Records contained in a dataset
++++++++++
Lemma cantor_level_in D n t : 0 <= D ->
  cantor_level a (-D) (1 + D) n t -> - D <= t <= 1 + D.
Proof.
  intros HD Ht. apply cantor_level_bounds in Ht; [|lra].
  assert (a ^ n <= 1) by (apply pow_le_one; lra).
  assert (0 <= a ^ n) by (apply pow_le; lra). nra.
Qed.

Lemma cantor_level_drop lo hi lo' hi' m n t :
  (forall s, cantor_level a lo hi m s -> lo' <= s <= hi') ->
  cantor_level a lo hi (n + m) t -> cantor_level a lo' hi' n t.
Proof.
  intros Hm; revert t; induction n as [|n IH]; intro t; simpl; [apply Hm|].
  intros [s [Hs Ht]]; exists s; auto.
Qed.

Lemma cantor_level_left e n t : 0 < e <= gap a ->
  cantor_level a (-e) (1 + e) (S n) t -> t <= 1/2 -> cantor_level a (-e) (1 + e) n (t / a).
Proof.
  intros He [s [Hs [Ht|Ht]]] Hle.
  - replace (t / a) with s by (subst t; field; lra). exact Hs.
  - exfalso. pose proof (cantor_level_in e n s ltac:(lra) Hs). pose proof mul_gap.
    assert (a * e <= a * gap a) by (apply Rmult_le_compat_l; lra). nra.
Qed.

Lemma cantor_level_right e n t : 0 < e <= gap a ->
  cantor_level a (-e) (1 + e) (S n) t -> 1/2 < t ->
  cantor_level a (-e) (1 + e) n ((t - (1 - a)) / a).
Proof.
  intros He [s [Hs [Ht|Ht]]] Hgt.
  - exfalso. pose proof (cantor_level_in e n s ltac:(lra) Hs). pose proof mul_gap.
    assert (a * e <= a * gap a) by (apply Rmult_le_compat_l; lra). nra.
  - replace ((t - (1 - a)) / a) with s by (subst t; field; lra). exact Hs.
Qed.
Lemma entropy2_near_unif p : probvec p -> (4 <= n)%N ->
  log2 (n%:R : R) - l1norm (p - unif) * log2 n%:R <= entropy2 p.
Proof.
move=> dp n4; have l2 := ln2_gt0 R.
have ln1 : 1 <= ln (n%:R : R).
  by have := log2_ge2 R n4; have := ln2_ge_half R; rewrite /log2 ler_pdivlMr //; lra.
rewrite /log2 mulrA -mulrBl ler_pM2r ?invr_gt0 //; exact: entropy_near_unif.
Qed.

End Entropy.

Section IsNorm.
Variables (R : realType) (n : nat) (N : 'rV[R]_n -> R).
Hypothesis hN : is_norm N.
Implicit Types x y : 'rV[R]_n.

Lemma is_normZ a x : N (a *: x) = `|a| * N x.
Proof. by case: hN => _ h _; exact: h. Qed.

Lemma is_normD x y : N (x + y) <= N x + N y.
Proof. by case: hN => _ _ h; exact: h. Qed.

Lemma is_norm_eq0 x : N x = 0 -> x = 0.
Proof. by case: hN => h _ _; exact: h. Qed.

Lemma is_norm0 : N 0 = 0.
Proof. by rewrite -(scale0r 0) is_normZ normr0 mul0r. Qed.

Lemma is_normN x : N (- x) = N x.
Proof. by rewrite -scaleN1r is_normZ normrN normr1 mul1r. Qed.

Lemma is_norm_ge0 x : 0 <= N x.
Proof. by have := is_normD x (- x); rewrite subrr is_norm0 is_normN; lra. Qed.

Lemma is_norm_gt0 x : x != 0 -> 0 < N x.
Proof.
move=> x0; rewrite lt_neqAle is_norm_ge0 andbT eq_sym.
by apply: contra_neq x0 => /is_norm_eq0.
Qed.

Lemma is_norm_lerB x y : N x - N y <= N (x - y).
Proof. by have := is_normD (x - y) y; rewrite subrK; lra. Qed.

Lemma is_norm_normalize x : x != 0 -> N ((N x)^-1 *: x) = 1.
Proof.
move=> x0; have Nx := is_norm_gt0 x0.
by rewrite is_normZ ger0_norm ?invr_ge0 ?ltW // mulVf ?gt_eqF.
Qed.

Lemma is_norm_sum (I : finType) (F : I -> 'rV[R]_n) : N (\sum_i F i) <= \sum_i N (F i).
Proof.
apply: (big_ind2 (fun u w => N u <= w)) => //; first by rewrite is_norm0.
by move=> u w u' w' hu hu'; apply: le_trans (is_normD _ _) _; exact: lerD.
Qed.

(* [S] is the supremum of [f] on the [N]-unit ball. *)
Lemma exists_norming_vector (f : 'rV[R]_n -> R) (a d : R) :
  (forall c x, f (c *: x) = c * f x) -> (forall x, f x <= a * N x) ->
  (exists u, 0 < f u) -> 0 < d ->
  exists S v, [/\ 0 < S, forall x, f x <= S * N x, N v <= 1 & S * (1 - d) < f v].
Proof.
move=> fZ fa [u fu] d0.
have f0 : f 0 = 0 by rewrite -(scale0r 0) fZ mul0r.
have u0 : u != 0 by apply: contraTneq fu => ->; rewrite f0 ltxx.
pose E := [set f x | x in [set x | N x <= 1]].
have hE : has_sup E.
  split; first by exists (f 0), 0 => //=; rewrite is_norm0.
  have a0 : 0 < a.
    by rewrite -(pmulr_lgt0 _ (is_norm_gt0 u0)); exact: lt_le_trans fu (fa u).
  by exists a => _ [x /= Nx <-]; apply: le_trans (fa x) _; rewrite ler_piMr // ltW.
have ball_le x : x != 0 -> f ((N x)^-1 *: x) <= sup E.
  move=> x0; apply: (sup_upper_bound hE).
  by exists ((N x)^-1 *: x); rewrite /= ?is_norm_normalize.
have S0 : 0 < sup E.
  by apply: lt_le_trans (ball_le _ u0); rewrite fZ mulr_gt0 ?invr_gt0 ?is_norm_gt0.
have [_ [v /= Nv <-] hv] : exists2 w, E w & sup E - sup E * d < w.
  by apply: sup_adherent hE; rewrite mulr_gt0.
exists (sup E), v; split => //; last by rewrite mulrBr mulr1.
move=> x; have [->|x0] := eqVneq x 0; first by rewrite f0 is_norm0 mulr0.
by have := ball_le _ x0; rewrite fZ ler_pdivrMl ?is_norm_gt0 // mulrC.
Qed.
(* Let $h\ge2$ be an integer and let $G_h$ be the directed graph with vertices $s,t,u_1,\dots,u_h,v_1,\dots,v_h$ and arcs: $(u_j,u_{j+1})$ and $(v_j,v_{j+1})$ for $1\le j\le h-1$, each of weight $1$; and $(s,u_1),(u_h,s),(t,v_1),(v_h,t)$, and $(u_{i+1},v_i),(v_{i+1},u_i)$ for $1\le i\le h-1$, each of weight $+\infty$. Then the optimum value of the LP relaxation of $st$-Bi-Cut on $G_h$ equals $2(h-1)/h$, and every optimal solution $\mathbf{x}$ satisfies $x(u_i,u_{i+1})+x(v_i,v_{i+1})=2/h$ for all $1\le i\le h-1$, and hence $x_e\le 2/h$ for every arc $e$. Consequently, for every positive integer $\ell$, taking $h>2\ell$ gives a two-terminal instance of $\textsc{Dir-MC}$ for which no optimal solution of $\textsc{Dir-MC-Rel}$ is $1/\ell$-integral.
   Context: The LP relaxation for two terminals $s,t$: minimize $\sum_e w_ex_e$ subject to $\sum_{e\in p}x_e\ge1$ for every directed $s$–$t$ path and every directed $t$–$s$ path $p$, and $x_e\ge0$; arcs of weight $+\infty$ contribute $0$ to the objective if $x_e=0$ and $+\infty$ otherwise (so any finite-cost solution has $x_e=0$ on them). A solution is $1/\ell$-integral if every $x_e$ is an integer multiple of $1/\ell$. *)

From HB Require Import structures.
From mathcomp Require Import all_boot all_order all_algebra.
Unset Printing Implicit Defensive.
Import Order.TTheory GRing.Theory Num.Theory.

(* Vertices of G_h:  inl false = s, inl true = t,
   inr (false, i) = u_(i+1), inr (true, i) = v_(i+1)   for i : 'I_h. *)
Definition vert (h : nat) : finType := (bool + bool * 'I_h)%type.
++++++++++
About this exercise: Please restate, word for word, the lines of the entries that run from the first line through the one holding "by have := log2_ge2", and add nothing.

Your response:
Lemma cantor_level_in D n t : 0 <= D ->
  cantor_level a (-D) (1 + D) n t -> - D <= t <= 1 + D.
Proof.
  intros HD Ht. apply cantor_level_bounds in Ht; [|lra].
  assert (a ^ n <= 1) by (apply pow_le_one; lra).
  assert (0 <= a ^ n) by (apply pow_le; lra). nra.
Qed.

Lemma cantor_level_drop lo hi lo' hi' m n t :
  (forall s, cantor_level a lo hi m s -> lo' <= s <= hi') ->
  cantor_level a lo hi (n + m) t -> cantor_level a lo' hi' n t.
Proof.
  intros Hm; revert t; induction n as [|n IH]; intro t; simpl; [apply Hm|].
  intros [s [Hs Ht]]; exists s; auto.
Qed.

Lemma cantor_level_left e n t : 0 < e <= gap a ->
  cantor_level a (-e) (1 + e) (S n) t -> t <= 1/2 -> cantor_level a (-e) (1 + e) n (t / a).
Proof.
  intros He [s [Hs [Ht|Ht]]] Hle.
  - replace (t / a) with s by (subst t; field; lra). exact Hs.
  - exfalso. pose proof (cantor_level_in e n s ltac:(lra) Hs). pose proof mul_gap.
    assert (a * e <= a * gap a) by (apply Rmult_le_compat_l; lra). nra.
Qed.

Lemma cantor_level_right e n t : 0 < e <= gap a ->
  cantor_level a (-e) (1 + e) (S n) t -> 1/2 < t ->
  cantor_level a (-e) (1 + e) n ((t - (1 - a)) / a).
Proof.
  intros He [s [Hs [Ht|Ht]]] Hgt.
  - exfalso. pose proof (cantor_level_in e n s ltac:(lra) Hs). pose proof mul_gap.
    assert (a * e <= a * gap a) by (apply Rmult_le_compat_l; lra). nra.
  - replace ((t - (1 - a)) / a) with s by (subst t; field; lra). exact Hs.
Qed.
Lemma entropy2_near_unif p : probvec p -> (4 <= n)%N ->
  log2 (n%:R : R) - l1norm (p - unif) * log2 n%:R <= entropy2 p.
Proof.
move=> dp n4; have l2 := ln2_gt0 R.
have ln1 : 1 <= ln (n%:R : R).
  by have := log2_ge2 R n4; have := ln2_ge_half R; rewrite /log2 ler_pdivlMr //; lra.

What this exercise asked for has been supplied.